● **GIVEN INFORMATION**:
Lemma hom_aeval (B : modalAlgebra) (S : A -> Prop) (f : A -> B) n g a :
  hom_on S f -> (forall x, S x <-> genset n g x) -> vars_lt n a ->
  f (aeval g a) = aeval (fun i => f (g i)) a.
Proof.
move=> [f0 [_ [_ [fU [fC fB]]]]] hS.
have inS b : vars_lt n b -> S (aeval g b) by move=> /(aeval_gen g)/hS.
elim: a => [//|//|a IHa b IHb /= /andP[ha hb]|a IHa /= ha].
- have [Sa Sb] := (inS _ ha, inS _ hb).
  rewrite fU ?fC ?IHa ?IHb //.
  by apply/hS; apply: gen_compl; apply/hS.
- by rewrite fB ?IHa //; apply: inS.
Qed.
End ModalAlgebraFacts.

Section LindenbaumAlgebra.
Variable T : theory.
Local Notation cl := (cls T).

Lemma aeval_cls s a : @aeval (LindMA T) (fun i => cl (s i)) a = cl (subst s a).
Proof.
elim: a => [//|//|a IHa b IHb|a IHa] /=; last by rewrite IHa; apply: boxQE.
rewrite IHa IHb.
change (joinQ (complQ (cl (subst s a))) (cl (subst s b)) = cl (Imp (subst s a) (subst s b))).
by rewrite complQE joinQE; apply/clsP/theory_taut; taut.
Qed.

Lemma cls_aeval a : cl a = @aeval (LindMA T) (fun i => cl (Var i)) a.
Proof. by rewrite aeval_cls subst_Var. Qed.

Lemma lind_variety L : (forall s a, L a -> T (subst s a)) -> in_variety L (LindMA T).
Proof.
move=> hT a ha v.
rewrite (@eq_aeval (LindMA T) _ (fun i => cl (repr (v i)))) => [|i]; last by rewrite clsK.
by rewrite aeval_cls; apply/clsT/hT.
Qed.

Lemma lind_hom (B : modalAlgebra) (b : nat -> B) (r : nat -> form) (f : LindMA T -> B) :
  (forall a, f (cl a) = aeval b (subst r a)) -> hom_on (fun _ => True) f.
Proof.
move=> fE; split; [|split; [|split; [|split; [|split]]]].
- exact: (fE Bot).
- by rewrite [Order.top](_ : _ = cl Top) // fE aeval_Top.
- elim/clsW=> a; elim/clsW=> c _ _.
  by rewrite [Order.meet _ _](meetQE T a c) !fE aeval_And.
- elim/clsW=> a; elim/clsW=> c _ _.
  by rewrite [Order.join _ _](joinQE T a c) !fE aeval_Or.
- elim/clsW=> a _.
  by rewrite [Order.compl _](complQE T a) !fE aeval_Neg.
- elim/clsW=> a _.
  by rewrite [ma_box _](boxQE T a) !fE.
Qed.

Definition var_classes m : seq (LindMA T) := [seq cl (Var i) | i <- iota 0 m].

Lemma gen_var_classes m x : gen (fun y => y \in var_classes m) x ->
  exists a, vars_lt m a /\ x = cl a.
Proof.
move=> hx; have : genset m (fun i => cl (Var i) : LindMA T) x.
  by apply: gen_sub hx => y /mapP[i]; rewrite mem_iota => /andP[_ hi] ->; exists i.
by move=> /gen_aeval[a [ha ->]]; exists a; rewrite -cls_aeval.
Qed.
End LindenbaumAlgebra.

(** * Coherence and finite axiomatizability *)

Lemma gthy_variety L (hL : normal_logic L) G : in_variety L (LindMA (gthy hL G)).
Proof. by apply: lind_variety => s a ha; apply/gd_logic/(nl_subst hL). Qed.

Section FinitePremises.
Variables (L : form -> Prop) (hL : normal_logic L) (Gs : seq form) (k : nat).
Hypothesis Gs_vars : all (vars_lt k) Gs.

Definition trunc_theory : theory := subst_theory (gthy hL (fun c => c \in Gs)) (trunc k).
Local Notation T := trunc_theory.

Lemma trunc_theoryE a : vars_lt k a -> T a <-> gderiv L (fun c => c \in Gs) a.
Proof. by move=> ha; rewrite /= subst_trunc_id. Qed.

Lemma cls_subst_trunc a : cls T (subst (trunc k) a) = cls T a.
Proof.
apply/clsP; have := eqv_refl T a; rewrite /eqv /=.
by rewrite (subst_trunc_id (vars_subst_trunc k a)).
Qed.

Lemma trunc_variety : in_variety L (LindMA T).
Proof.
by apply: lind_variety => s a ha; rewrite /= subst_comp; apply/gd_logic/(nl_subst hL).
Qed.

● **ABOUT THIS EXERCISE**:
Output exactly the lines of the records from the first through the one bearing "have inS b : vars_lt", both ends included.

● **SOLUTION FOR THIS EXERCISE**:
Lemma hom_aeval (B : modalAlgebra) (S : A -> Prop) (f : A -> B) n g a :
  hom_on S f -> (forall x, S x <-> genset n g x) -> vars_lt n a ->
  f (aeval g a) = aeval (fun i => f (g i)) a.
Proof.
move=> [f0 [_ [_ [fU [fC fB]]]]] hS.
have inS b : vars_lt n b -> S (aeval g b) by move=> /(aeval_gen g)/hS.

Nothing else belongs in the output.